Practice. Your teacher rolls his eyes if you don’t. Your mom or dad may or may not have to remind you and set a timer (yes, my mom did!). If you’re taking lessons you of course have stuff to work on. If you’re not taking lessons, you’re playing what you feel like…and that can be good or bad.
I’m going to divide this up into three sections because your needs change as you advance.
Beginner
Beginners need to practice daily or nearly daily. If you must skip a day, skip only one if you can help it. We’re looking for 20 minutes here. Go over what your teacher has written out, even the hard stuff. Trust me, he’ll know if you haven’t practiced.
I have one student who is married, has small kids and runs a business. His day gets away from him very quickly. Try to set aside a regular time for your practice that is routine. Routine is a good thing. With routine you’ll get better faster.
If you’re working something hard, like your first bar chord, and it doesn’t sound good, go back to it several times during your 20 minutes.
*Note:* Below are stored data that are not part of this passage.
(* Let $1\le r\le n$ and let $\mathsf{X}\in\mathbb{R}^{n\times r}$ have unit-norm, linearly independent columns. Let $Y$ be the random subset of $\{1,\dots,n\}$ associated with $|\mathrm{columns}(\mathsf{X})\rangle$, as defined in the context. Then, for every $\mathtt{C}\subseteq\{1,\dots,n\}$ with $|\mathtt{C}|=r$, $$\mathbb{P}\big(Y=\mathtt{C}\,\big|\,|Y|=r\big)=\frac{|\det \mathsf{X}_{\mathtt{C}:}|^2}{\det(\mathsf{X}^\top\mathsf{X})}.$$
   Context: Work in $(\mathbb{C}^2)^{\otimes n}$ with computational basis $|b_1\dots b_n\rangle$, $b_i\in\{0,1\}$, where $|0\rangle=(1,0)^\top$ and $|1\rangle=(0,1)^\top$. For $1\le j\le n$, let $c_j=\sigma_z^{\otimes(j-1)}\otimes|0\rangle\langle 1|\otimes I^{\otimes(n-j)}$, with $\sigma_z=\mathrm{diag}(1,-1)$ and $I$ the $2\times2$ identity. Let $c_j^*$ be its adjoint. The vacuum is $|\emptyset\rangle=|0\cdots0\rangle$. For a unit vector $x\in\mathbb{R}^n$, the Clifford loader is $\mathcal{C}(x)=\sum_{i=1}^n x_i(c_i+c_i^* )$; it is a unitary. For $\mathsf{X}\in\mathbb{R}^{n\times r}$ with unit-norm columns $\mathsf{X}_{:1},\dots,\mathsf{X}_{:r}$, set $|\mathrm{columns}(\mathsf{X})\rangle=\mathcal{C}(\mathsf{X}_{:1})\cdots\mathcal{C}(\mathsf{X}_{:r})|\emptyset\rangle$. The associated random subset $Y\subseteq\{1,\dots,n\}$ has law $\mathbb{P}(Y=\mathtt{C})=|\langle e_{\mathtt{C}}|\mathrm{columns}(\mathsf{X})\rangle|^2$, where $|e_{\mathtt{C}}\rangle=|b_1\dots b_n\rangle$ with $b_i=1$ iff $i\in\mathtt{C}$. This is the Born-rule outcome of measuring the occupation numbers $N_i=c_i^*c_i$. For $\mathtt{C}$ with $|\mathtt{C}|=r$, $\mathsf{X}_{\mathtt{C}:}$ is the $r\times r$ submatrix of $\mathsf{X}$ with rows indexed by $\mathtt{C}$. *)

From mathcomp Require Import all_boot all_order all_algebra.
Set Implicit Arguments. Unset Strict Implicit. Unset Printing Implicit Defensive.
Import Order.TTheory GRing.Theory Num.Theory.
Local Open Scope ring_scope.

(* The computational basis |b_1 ... b_n> of (C^2)^{(x)n} is indexed by the
   subset C = {i | b_i = 1} of 'I_n (0-based positions).  All operators below
   have real entries (X is real), so we work over a real field R; the adjoint
   is then the transpose and |amplitude|^2 = amplitude^2. *)

Section Fock.
Variables (R : realFieldType) (n : nat).

Definition fstate := {set 'I_n} -> R.
Definition fop := {set 'I_n} -> {set 'I_n} -> R.

Definition fapply (A : fop) (v : fstate) : fstate :=
  fun C => \sum_(D : {set 'I_n}) A C D * v D.

Definition fadj (A : fop) : fop := fun C D => A D C.

(* c_j = sigma_z^{(x)(j-1)} (x) |0><1| (x) I^{(x)(n-j)}, written entrywise:
   <e_C| c_j |e_D> = (-1)^{#{i in C, i < j}} if j \notin C and D = C u {j},
   and 0 otherwise. *)
Definition annih (j : 'I_n) : fop := fun C D =>
  if (j \notin C) && (D == j |: C)
  then (-1) ^+ #|[set i in C | (i < j)%N]| else 0.

Definition clifford (x : 'I_n -> R) : fop :=
  fun C D => \sum_(i < n) x i * (annih i C D + fadj (annih i) C D).

Definition vacuum : fstate := fun C => if C == set0 then 1 else 0.

Definition columns_state (r : nat) (X : 'M[R]_(n, r)) : fstate :=
  foldr (fun j v => fapply (clifford (fun i => X i j)) v) vacuum (enum 'I_r).

Definition born_prob (r : nat) (X : 'M[R]_(n, r)) (C : {set 'I_n}) : R :=
  (columns_state X C) ^+ 2.

Definition cond_prob_size (r : nat) (X : 'M[R]_(n, r)) (k : nat)
  (C : {set 'I_n}) : R :=
  (if #|C| == k then born_prob X C else 0)
  / \sum_(D : {set 'I_n} | #|D| == k) born_prob X D.

(* X_{C:} : the r x r submatrix of rows indexed by C, in increasing order *)
Definition row_submx (r : nat) (X : 'M[R]_(n, r)) (C : {set 'I_n})
  (HC : #|C| = r) : 'M[R]_r :=
  \matrix_(i < r, j < r) X (enum_val (cast_ord (esym HC) i)) j.

End Fock.

(* After k Clifford loaders the state is supported on sets of size at most k,
   and its amplitude on a set D of size exactly k is the minor of the loaded
   vectors on the rows D: each loader removes one element of D, and the
   fermionic sign (-1)^#{i in D | i < j} is the sign of the corresponding
   cofactor in the Laplace expansion along the first column.  Hence
   P(Y = D) = det(X_{D:})^2 for |D| = r, and by Cauchy-Binet these squared
   minors sum to det(X^T X). *)

From mathcomp Require Import all_boot all_order all_algebra.
From mathcomp Require Import fingroup perm.
Import Order.TTheory GRing.Theory.
Local Open Scope ring_scope.
Set Implicit Arguments. Unset Strict Implicit. Unset Printing Implicit Defensive.

Section SetRank.
Variable n : nat.
Implicit Types (D : {set 'I_n}) (x y z : 'I_n).

Definition set_rank D y := #|[set k in D | (k < y)%N]|.

Lemma set_rank_setD1 D x y :
  set_rank (D :\ x) y = (set_rank D y - ((x \in D) && (x < y)%N))%N.
Proof.
rewrite /set_rank.
have -> : [set k in D :\ x | (k < y)%N] = [set k in D | (k < y)%N] :\ x.
  by apply/setP => k; rewrite !inE andbA.
rewrite (cardsD1 x [set k in D | (k < y)%N]) !inE.
by case: (_ && _); rewrite ?subn0 // add1n subn1.
Qed.

Lemma set_rank_mono D y z : y \in D -> (y < z)%N -> (set_rank D y < set_rank D z)%N.
Proof.
move=> yD yz; apply: proper_card; rewrite properE; apply/andP; split.
  by apply/subsetP => k; rewrite !inE => /andP[-> /ltn_trans ->].
by apply/subsetPn; exists y; rewrite !inE ?yD ?yz ?ltnn.
Qed.

Lemma sorted_enum_set D : sorted <%O (enum D).
Proof.
have -> : enum D = [seq x <- enum 'I_n | x \in D].
  by rewrite enumT /enum_mem; apply: eq_filter => x; rewrite !inE.
apply: lt_sorted_filter.
by have := iota_ltn_sorted 0 n; rewrite -val_enum_ord sorted_map.
Qed.

Lemma set_rank_nth_enum D x0 (a : nat) :
  (a < #|D|)%N -> set_rank D (nth x0 (enum D) a) = a.
Proof.
rewrite cardE => aD; rewrite -[RHS](size_takel (ltnW aD)).
rewrite -(filter_lt_nth x0 (sorted_enum_set D)) //.
rewrite -(card_uniqP (filter_uniq _ (enum_uniq _))); apply/eq_card => k.
by rewrite !inE mem_filter mem_enum andbC.
Qed.

Definition ordered_enum (k : nat) D (e : 'I_k -> 'I_n) :=
  #|D| = k /\ forall a, e a \in D /\ set_rank D (e a) = a.

Definition set_enum (k : nat) x0 D (a : 'I_k) : 'I_n := nth x0 (enum D) a.

Lemma ordered_set_enum (k : nat) x0 D :
  #|D| = k -> ordered_enum D (set_enum x0 D : 'I_k -> _).
Proof.
move=> cD; split=> // a; have aD : (a < #|D|)%N by rewrite cD.
by rewrite -mem_enum mem_nth -?cardE // set_rank_nth_enum.
Qed.

Section OrderedEnum.
Variables (k : nat) (D : {set 'I_n}) (e : 'I_k -> 'I_n).
Hypothesis eD : ordered_enum D e.

Lemma ordered_enum_inj : injective e.
Proof.
case: eD => _ eDP a b eab; apply: val_inj.
by rewrite /= -(eDP a).2 -(eDP b).2 eab.
Qed.

Lemma ordered_enum_mono : {mono e : a b / (a < b)%N}.
Proof.
case: eD => _ eDP a b; have [[aD ra] [bD rb]] := (eDP a, eDP b).
case: (ltngtP (e a) (e b)) => [lt|lt|/val_inj eq].
- by rewrite -ra -rb set_rank_mono.
- by apply/esym/negbTE; rewrite -leqNgt ltnW // -rb -ra set_rank_mono.
- by rewrite -ra -rb eq ltnn.
Qed.

Lemma big_ordered_enum (V : nmodType) (F : 'I_n -> V) :
  \sum_(i in D) F i = \sum_(a < k) F (e a).
Proof.
have [cD eDP] := eD; have einj := ordered_enum_inj.
have -> : D = e @: setT.
  apply/eqP; rewrite eq_sym eqEcard; apply/andP; split.
    by apply/subsetP => y /imsetP[a _ ->]; case: (eDP a).
  by rewrite card_imset ?cardsT ?card_ord ?cD.
rewrite big_imset; last exact: in2W einj.
by apply: eq_bigl => a; rewrite in_setT.
Qed.

End OrderedEnum.

Lemma ordered_enum_lift (k : nat) D (e : 'I_k.+1 -> 'I_n) a :
  ordered_enum D e -> ordered_enum (D :\ e a) (e \o lift a).
Proof.
move=> eD; have [cD eDP] := eD; have einj := ordered_enum_inj eD.
split=> [|b /=]; first by move: cD; rewrite (cardsD1 (e a)) (eDP a).1 add1n => -[].
rewrite !inE (inj_eq einj) eq_sym neq_lift (eDP _).1; split=> //.
rewrite set_rank_setD1 (eDP a).1 (eDP _).2 (ordered_enum_mono eD) /= /bump.
case: (leqP a b) => h /=.
- by rewrite add1n ltnS h subn1.
- by rewrite add0n ltnNge ltnW ?subn0.
Qed.

End SetRank.

Lemma clifford_apply (R : realFieldType) (n : nat) (x : 'I_n -> R) (v : fstate R n)
    (D : {set 'I_n}) :
  fapply (clifford x) v D =
    \sum_(i in D) x i * (-1) ^+ set_rank D i * v (D :\ i)
  + \sum_(i | i \notin D) x i * (-1) ^+ set_rank D i * v (i |: D).
Proof.
rewrite /fapply /clifford; under eq_bigr do rewrite big_distrl.
rewrite exchange_big (bigID (mem D)) /=; congr (_ + _); apply: eq_bigr => i iD.
- rewrite (bigD1 (D :\ i)) //= big1 => [|E nE]; rewrite /fadj /annih iD /=.
    rewrite !inE eqxx setD1K // eqxx add0r addr0.
    by rewrite -/(set_rank _ _) set_rank_setD1 iD ltnn subn0.
  case iE: (i \in E); rewrite /= ?add0r ?mulr0 ?mul0r //.
  case: eqP => [DE|_]; last by rewrite mulr0 mul0r.
  by move: nE; rewrite DE setU1K ?iE ?eqxx.
- rewrite (bigD1 (i |: D)) //= big1 => [|E nE]; rewrite /fadj /annih (negbTE iD) /=.
    by rewrite eqxx setU11 /= !addr0.
  rewrite (negbTE nE) add0r; case: eqP => [DE|_]; last by rewrite andbF mulr0 mul0r.
  by move: iD; rewrite DE setU11.
Qed.

Section LoaderState.
Variables (R : realFieldType) (n : nat).
Implicit Types (s : seq ('I_n -> R)) (D : {set 'I_n}).

Definition loader_state (s : seq ('I_n -> R)) : fstate R n :=
  foldr (fun x v => fapply (clifford x) v) (@vacuum R n) s.

Lemma loader_state_card_gt s D : (size s < #|D|)%N -> loader_state s D = 0.
Proof.
elim: s D => [|x s IH] D /= lt_s_D.
  by rewrite /vacuum; case: eqP => // D0; rewrite D0 cards0 in lt_s_D.
rewrite clifford_apply !big1 ?addr0 // => i iD; rewrite IH ?mulr0 //.
- by rewrite cardsU1 iD add1n ltnW // ltnS ltnW.
- by move: lt_s_D; rewrite (cardsD1 i D) iD add1n ltnS.
Qed.

Lemma loader_state_ordered_enum (k : nat) s D (e : 'I_k -> 'I_n) :
  size s = k -> ordered_enum D e ->
  loader_state s D = \det (\matrix_(a, b) nth (fun _ => 0) s b (e a)).
Proof.
move=> sk; subst k; elim: s D e => [|x s IH] D e /= eD; have [cD _] := eD.
  by rewrite det_mx00 /vacuum; move/eqP: cD; rewrite cards_eq0 => ->.
rewrite clifford_apply [X in _ + X]big1 ?addr0; last first.
  by move=> i iD; rewrite loader_state_card_gt ?mulr0 // cardsU1 iD cD.
rewrite (big_ordered_enum eD) (expand_det_col _ ord0); apply: eq_bigr => a _.
have [_ /(_ a)[_ ->]] := eD; rewrite mxE /cofactor addn0 -mulrA; congr (_ * (_ * _)).
rewrite (IH _ _ (ordered_enum_lift a eD)); congr (\det _).
by apply/matrixP => i j; rewrite !mxE lift0.
Qed.

End LoaderState.

Lemma det_mulmx_ffun (R : comNzRingType) (r n : nat) (A : 'M[R]_(r, n))
    (B : 'M[R]_(n, r)) :
  \det (A *m B) =
    \sum_(f : {ffun 'I_r -> 'I_n}) (\prod_i A i (f i)) * \det (rowsub f B).
Proof.
rewrite /determinant.
transitivity (\sum_(s : 'S_r) \sum_(f : {ffun 'I_r -> 'I_n})
   (-1) ^+ s * \prod_i (A i (f i) * B (f i) (s i))).
  apply: eq_bigr => s _; rewrite -big_distrr /=; congr (_ * _).
  rewrite -(bigA_distr_bigA (fun i k => A i k * B k (s i))) /=.
  by apply: eq_bigr => i _; rewrite mxE.
rewrite exchange_big /=; apply: eq_bigr => f _.
rewrite big_distrr /=; apply: eq_bigr => s _.
by rewrite big_split /= mulrCA; congr (_ * (_ * _)); apply: eq_bigr => i _; rewrite mxE.
Qed.

Lemma sum_injections_onto (V : nmodType) (r n : nat) (i0 : 'I_n) (D : {set 'I_n})
    (F : {ffun 'I_r -> 'I_n} -> V) :
  #|D| = r ->
  \sum_(f : {ffun 'I_r -> 'I_n} | injectiveb f && ([set f i | i in 'I_r] == D)) F f =
    \sum_(p : 'S_r) F [ffun i => set_enum i0 D (p i)].
Proof.
move=> cD; set e := set_enum i0 D; have eD := ordered_set_enum i0 cD.
have einj : injective e := ordered_enum_inj eD.
pose h (p : 'S_r) := [ffun i => e (p i)].
have hinj : injective h.
  move=> p q /ffunP hpq; apply/permP => i; apply: einj.
  by have := hpq i; rewrite !ffunE.
rewrite -[RHS](big_imset _ (in2W hinj)) /=; apply: eq_bigl => f.
apply/andP/imsetP => [[/injectiveP finj /eqP fD]|[p _ ->]].
  have fiD i : f i \in enum D by rewrite mem_enum -fD imset_f.
  have gP i : (index (f i) (enum D) < r)%N.
    by rewrite -[X in (_ < X)%N]cD cardE index_mem.
  pose g i := Ordinal (gP i).
  have ginj : injective g.
    move=> i j /(congr1 val) /= eij; apply: finj.
    by rewrite -(nth_index i0 (fiD i)) eij nth_index.
  exists (perm ginj) => //; apply/ffunP => i.
  by rewrite !ffunE permE /e /set_enum nth_index.
have hpinj : injective (h p) by move=> i j; rewrite !ffunE => /einj /perm_inj.
split; first exact/injectiveP.
rewrite eqEcard card_imset // card_ord cD leqnn andbT.
apply/subsetP => y /imsetP[i _ ->]; rewrite ffunE.
by have [_ /(_ (p i))[]] := eD.
Qed.

Theorem cauchy_binet (R : comNzRingType) (r n : nat) (i0 : 'I_n)
    (A : 'M[R]_(r, n)) (B : 'M[R]_(n, r)) :
  \det (A *m B) = \sum_(D : {set 'I_n} | #|D| == r)
     \det (colsub (set_enum i0 D) A) * \det (rowsub (set_enum i0 D) B).
Proof.
rewrite det_mulmx_ffun (bigID (fun f : {ffun 'I_r -> 'I_n} => injectiveb f)) /=.
rewrite [X in _ + X]big1 ?addr0.
  rewrite (partition_big (fun f : {ffun 'I_r -> 'I_n} => [set f i | i in 'I_r])
                         (fun D => #|D| == r)) /=.
    apply: eq_bigr => D /eqP cD; rewrite (sum_injections_onto i0) //.
    set e := set_enum i0 D.
    rewrite [X in _ = X * _]/determinant big_distrl /=; apply: eq_bigr => p _.
    have -> : rowsub [ffun i => e (p i)] B = row_perm p (rowsub e B).
      by apply/matrixP => i j; rewrite !mxE ffunE.
    have -> : \prod_i A i ([ffun i => e (p i)] i) = \prod_i colsub e A i (p i).
      by apply: eq_bigr => i _; rewrite !mxE ffunE.
    by rewrite row_permE det_mulmx det_perm mulrCA mulrA.
  by move=> f /injectiveP finj; rewrite card_imset // card_ord.
move=> f /injectivePn[i1 [i2 i12 fi12]].
by rewrite (determinant_alternate i12) ?mulr0 // => j; rewrite !mxE fi12.
Qed.

Lemma columns_state_det (R : realFieldType) (n r : nat) (i0 : 'I_n)
    (X : 'M[R]_(n, r)) (D : {set 'I_n}) :
  #|D| = r -> columns_state X D = \det (rowsub (set_enum i0 D) X).
Proof.
move=> cD; have -> : columns_state X D =
    loader_state [seq (fun i => X i j) | j <- enum 'I_r] D.
  by rewrite /columns_state /loader_state foldr_map.
rewrite (loader_state_ordered_enum _ (ordered_set_enum i0 cD)); last first.
  by rewrite size_map -cardE card_ord.
apply: congr1; apply/matrixP => a b.
by rewrite !mxE (nth_map b) ?nth_ord_enum ?size_enum_ord.
Qed.

Theorem mainTheorem1 (R : realFieldType) (n r : nat) (X : 'M[R]_(n, r))
  (Hr1 : (1 <= r)%N) (Hrn : (r <= n)%N)
  (Hunit : forall j : 'I_r, \sum_(i < n) X i j ^+ 2 = 1)
  (Hindep : \rank X = r)
  (C : {set 'I_n}) (HC : #|C| = r) :
  cond_prob_size X r C = (\det (row_submx X HC)) ^+ 2 / \det (X^T *m X).
Proof.
have i0 : 'I_n := Ordinal (leq_trans Hr1 Hrn).
have -> : row_submx X HC = rowsub (set_enum i0 C) X.
  by apply/matrixP => a b; rewrite !mxE (enum_val_nth i0).
rewrite /cond_prob_size HC eqxx /born_prob (columns_state_det i0 X HC) (cauchy_binet i0).
congr (_ / _); apply: eq_bigr => D /eqP cD.
by rewrite (columns_state_det i0 X cD) -trmx_mxsub det_tr expr2.
Qed.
Play it, go on to something else, and go back to it. Do not let yourself get frustrated. String by string, note by note, it will come together. Remember, everybody has to come this way.
There are more beginners in any field of study or discipline than any other type of participant. There are more beginning skiers than expert skiers. More beginning chess players than chess masters. And more beginning guitarists than professional guitarists. Keep plugging away and you’ll soon find yourself in a smaller, more choice group of players.
Intermediate
You can now play the scales pretty good, handle all your bar chords, maybe you’re even in a band. You’re starting to get that bending thing down and maybe even vibrato. People are starting to notice you can play.
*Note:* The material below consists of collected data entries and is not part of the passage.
Lemma card_induced_switch_merged : #|induced E' (comp E a :|: comp E c)| =
  #|induced E (comp E a)| + #|induced E (comp E c)|.
Proof.
set K := comp E a :|: comp E c.
have edgeK p q : conn E a p || conn E c p -> conn E a q || conn E c q ->
    [set p; q] \subset K.
  by rewrite subUset !sub1set !in_setU !mem_comp => -> ->.
have inducedE' : induced E' K =
    [set b; d] |: ([set a; c] |: (induced E K :\ [set a; b] :\ [set c; d])).
  apply/setP => e; rewrite switchE !inE.
  case: eqP => [->|_] /=.
    by rewrite edgeK ?(conn_mem_edge abE) ?(conn_mem_edge cdE) ?orbT.
  case: eqP => [->|_] /=; first by rewrite edgeK ?connect0 ?orbT.
  by rewrite !andbA.
have abK : [set a; b] \in induced E K.
  by rewrite inE abE edgeK ?connect0 ?(conn_mem_edge abE).
have cdK : [set c; d] \in induced E K.
  by rewrite inE cdE edgeK ?connect0 ?(conn_mem_edge cdE) ?orbT.
rewrite inducedE' card_exchange2 //.
- rewrite induced_comp_setU //; apply/eqP.
  by rewrite (leq_card_setU _ _).2 induced_disjoint // comp_disjoint.
- apply/eqP => /setP/(_ a); rewrite !inE eqxx.
  by rewrite (negbTE (conn_neq nac)) (negbTE (conn_neq nad)).
- by rewrite inE negb_and bdE.
- by rewrite inE negb_and acE.
- apply/eqP => /setP/(_ b); rewrite !inE eqxx /= eq_sym (negbTE neq_ab).
  by rewrite (negbTE (conn_neq nbc)).
Qed.

Lemma switch_balanced : balanced E -> balanced E'.
Proof.
case=> _ balE; split=> [|x]; first exact: switch_simple.
have [xa|nxa] := boolP (conn E' x a); last first.
  by rewrite comp_switch_away // induced_switch_away.
rewrite comp_switch_merged // card_induced_switch_merged !balE; apply/esym/eqP.
by rewrite (leq_card_setU _ _).2 comp_disjoint.
Qed.

Lemma two_component_switch : balanced E ->
  [/\ pswitch E (a, b, c, d), balanced E' & kappa E' < kappa E].
Proof.
move=> balE; have balE' := switch_balanced balE.
rewrite /pswitch !balanced_pseudoforest // switch_nontrivial -kappa_switch.
by split.
Qed.

End TwoComponentSwitch.

Lemma balanced_pswitch_step E : balanced E -> 1 < kappa E ->
  exists A, [/\ pswitch E A, balanced (tau A E) & kappa (tau A E) < kappa E].
Proof.
move=> balE kappa_gt1; have [sE _] := balE.
have [u [v nuv]] := disconnected_of_kappa_gt1 kappa_gt1.
have [a [b [Cab [ua Cab_cycle ab_Cab]]]] := balanced_cycle_edge u balE.
have [c [d [Ccd [vc Ccd_cycle cd_Ccd]]]] := balanced_cycle_edge v balE.
have nac : ~~ conn E a c.
  apply: contra nuv => ac.
  by rewrite (connect_trans ua) // (connect_trans ac) // conn_sym.
exists (a, b, c, d).
exact: two_component_switch sE nac Cab_cycle ab_Cab Ccd_cycle cd_Ccd balE.
Qed.

Lemma balanced_pswitch_seq E : 0 < #|V| -> balanced E ->
  exists s E', pswitch_seq E s E' /\ unicyclic E'.
Proof.
move=> V_gt0; elim: {E}(kappa E).+1 {-2}E (ltnSn (kappa E)) => // n IH E kappaE balE.
have [kappa_le1|kappa_gt1] := leqP (kappa E) 1.
  by exists [::], E; split=> //; apply: balanced_unicyclic.
have [A [pswA balA kappaA]] := balanced_pswitch_step balE kappa_gt1.
have [s [E' [seqE' uE']]] := IH (tau A E) (leq_trans kappaA kappaE) balA.
by exists (A :: s), E'.
Qed.

End Pseudoforests.

Unset Implicit Arguments.

Theorem lemma5p5 (V : finType) (E : {set {set V}}) :
  0 < #|V| -> simple_graph E -> pseudoforest E -> cycles E = kappa E ->
  exists (s : seq (V * V * V * V)) (E' : {set {set V}}),
    pswitch_seq E s E' /\ unicyclic E'.
Proof.
move=> V_gt0 sE pfE cyclesE.
exact: balanced_pswitch_seq V_gt0 (pseudoforest_balanced sE pfE cyclesE).
Qed.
At this point, a lot of people quit lessons. Hey, they can play Van Halen now and handle some of Stairway to Heaven, they’re cool, right? Unfortunately, this is the Wall for many guitarist because they can do most of what they want to do and they stop growing.
The first symptom of this is they stop practicing that boring stuff their teacher gives them. They wiggle their fingers quickly in the A Blues Scale and their bandmates brag about them. And besides, working on the hard stuff just isnt’ fun!
Try to remember it’s only hard because you’re learning it. Those blues scales were hard too at first, so were the bends.
We, as humans, tend to do what we’re good at – our comfort zone. Steve can now play the major scales at the top of the metronome so he’s good. No, Steve is fast. Fast does not equal good.
My best advice to intermediate guitarists is this: you know you’re going to play the new Metalica song 20 times today so leave that for last. Work on the hard stuff first. Just like the beginner does, put that 20 minutes in. At this point you’re probably playing about an hour a day. Do the hard stuff, do it with a clean tone (it shows your mistakes more clearly) and use a metronome or some other back up tape/CD or software. Then crank it on the distortion and rock out.
You’re playing will improve. Plain and simple.
Advanced
Hmmm…..not sure why I even need to give you advanced players advice, but I will anyway because It’s my blog(!)
Set goals. As advanced players those goals change. It could be that we’re learning songs for the band. It could be that you always wanted to get some of the tougher jazz songs down for improvising.
Advanced players don’t usually have to practice as much to keep their chops (i.e. skills) up. 30 minutes a day would cover it. I would suggest the following routine to keep those skills up:
Turn the metronome on. Work those major skills slowly and pick up speed. 5 minutes should do it.
Work on a difficult phrase. We need to keep those nerve impulse paths expanding and we do that by useing our fingers in different ways constantly. Abandon the comfort zone and you’ll find the comfort zone comes and finds you.
And unless your a beginner, if you’ve been hitting it for a good long time, give yourself a week off now and then. Your playing will be fresher for having the break and your creativity will be sparked.